Les inégalités commencent dès le recrutement où un employeur n'est pas rassuré à l'idée d'engager une femme et ses multiples responsabilités qu'elle doit assumer en tant que mère de famille ou bien dans le futur. Chaque femme a le désir d'avoir à un moment donné un enfant et cela pose un problème pour le milieu professionnel qui préfère ne pas avoir à se passer de son travailleur.
De plus, depuis 1909, il existe un congé maternité dont la durée varie selon le nombre d'enfants attendus et le nombre d'enfants déjà à charge. La durée du congé maternité est de 16 semaines avec 10 semaines avant l'accouchement et 6 semaines après, ce qui certes ne plait pas à tous les patrons. Les employeurs doutent aussi souvent que les femmes aient la capacité d'obtenir la confiance et le respect de client, il y a aussi quelques difficultés pour les femmes mariées de se déplacer fréquemment dans leur fonction. En outre, il y a une certaine réticence à l'idée qu'une femme puisse dirigé un groupe d'hommes dans une entreprise, ce qui limite clairement leur chance d'être engagé. La différence la plus connue et la plus polémique dans le milieu professionnel est l'écart de salaire qu'il existe entre les deux sexes. Un homme qui possède la fonction qu'une femme sera pourtant plus rémunéré. Effectivement, le sexe féminins gagnent l'équivalent 83,4 % du salaire horaire moyen du sexe masculin. Ce qui semble plutôt injuste puisque la formation est exactement la même et de plus cela est prouvé que les femmes réussissent beaucoup plus leur études que les hommes donc elles peuvent être dans certains cas plus méritantes.

Les formes d'emplois sont aussi un sujet qui fâche puisqu'elles obtiennent le plus souvent un travail à temps partiel soit plus de 80 % des postes à temps partiel sont occupés par des femmes contre moins de 20 % pour les hommes. Les postes de responsabilités sont aussi plus côtoyés par les hommes car seulement 10 % des femmes en possèdent un.
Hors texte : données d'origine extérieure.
(** Angle(S, V) > c, where Angle(S,V) is the smallest (infimal) angle between
    nonzero vectors of V and nonzero vectors of S (+oo if there are none). *)
Definition angle_gt (n : nat) (S : set 'rV[R]_n) (V : {vspace 'rV[R]_n}) (c : R)
  : Prop :=
  exists e : R, c < e /\
    forall v w, v \in V -> v != 0 -> S w -> w != 0 ->
      e <= acos (rdot n v w / (rnorm n v * rnorm n w)).

Definition loc_int (m : nat) (fr fi : m.-tuple R -> R) (tau : set (m.-tuple R))
  (B : set (m.+1.-tuple R)) (p : R) : R :=
  fine (\int[lebn m.+1]_(x in B)
          ((Ext_abs m (restr m tau fr) (restr m tau fi) x) `^ p)%:E)%E.

(** mu^{(p)}_{Ef}(B) : min over (k-1)-dimensional V_1..V_A of the max over
    the tau with Angle(G(tau), V_a) > K^{-1} for all a (max over the empty
    family being 0).  The set of candidate values is finite, so min = inf. *)
Definition mu_p (m : nat) (I : finType) (tau : I -> set (m.-tuple R)) (K : R)
  (k A : nat) (fr fi : m.-tuple R -> R) (B : set (m.+1.-tuple R)) (p : R) : R :=
  inf [set y | exists Vs : 'I_A -> {vspace 'rV[R]_(m.+1)},
        (forall a, \dim (Vs a) = k.-1) /\
        y = \big[Num.max/0]_(i : I |
               `[< forall a, angle_gt m.+1 (Gmap m @` tau i) (Vs a) K^-1 >])
               loc_int m fr fi (tau i) B p].

(** || E f ||_{BL^p_{k,A}(U)}, U the union of the balls B_j, j in S *)
Definition BLnorm (m : nat) (I : finType) (tau : I -> set (m.-tuple R)) (K : R)
  (k A : nat) (fr fi : m.-tuple R -> R) (J : finType) (c : J -> m.+1.-tuple R)
  (S : {set J}) (p : R) : R :=
  (\sum_(j in S) mu_p m I tau K k A fr fi (eball m.+1 (c j) (K ^+ 2)) p) `^ (p^-1).

End Defs.

From HB Require Import structures.
From mathcomp Require Import all_boot all_order all_algebra.
From mathcomp Require Import all_classical all_reals all_analysis.
From mathcomp Require Import measurable_realfun lra.
Import Order.TTheory GRing.Theory Num.Theory.
Local Open Scope classical_set_scope.
Local Open Scope ring_scope.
Sachant que la conciliation de leur vie familiale et professionnelle leur permet d'accepter plus facilement un poste avec moins d'heures car cela lui demande ainsi de conserver du temps pour sa famille. Les femmes n'ont pas beaucoup de choix et sont plus dirigés dans le secteur tertiaire où elles sont en sur représentation dans le domaine des services car en général elles ont plus l'esprit social. Toutes ces inégalités provoquent une forte précarité chez les femmes et ainsi il existe beaucoup plus de chômeuses que de chômeurs.

2)Lexique
Les inégalités dont sont victimes les femmes dans le marché du travail sont appelé le « plafond de verre ». En effet, c'est un phénomène à travers lequel la progression de certaines personnes soit les femmes s'arrête à un certain niveau. Par exemple, dans le cas où elles sont très peu à accéder à un poste à responsabilité et où quelques portes professionnelles leur sont fermé.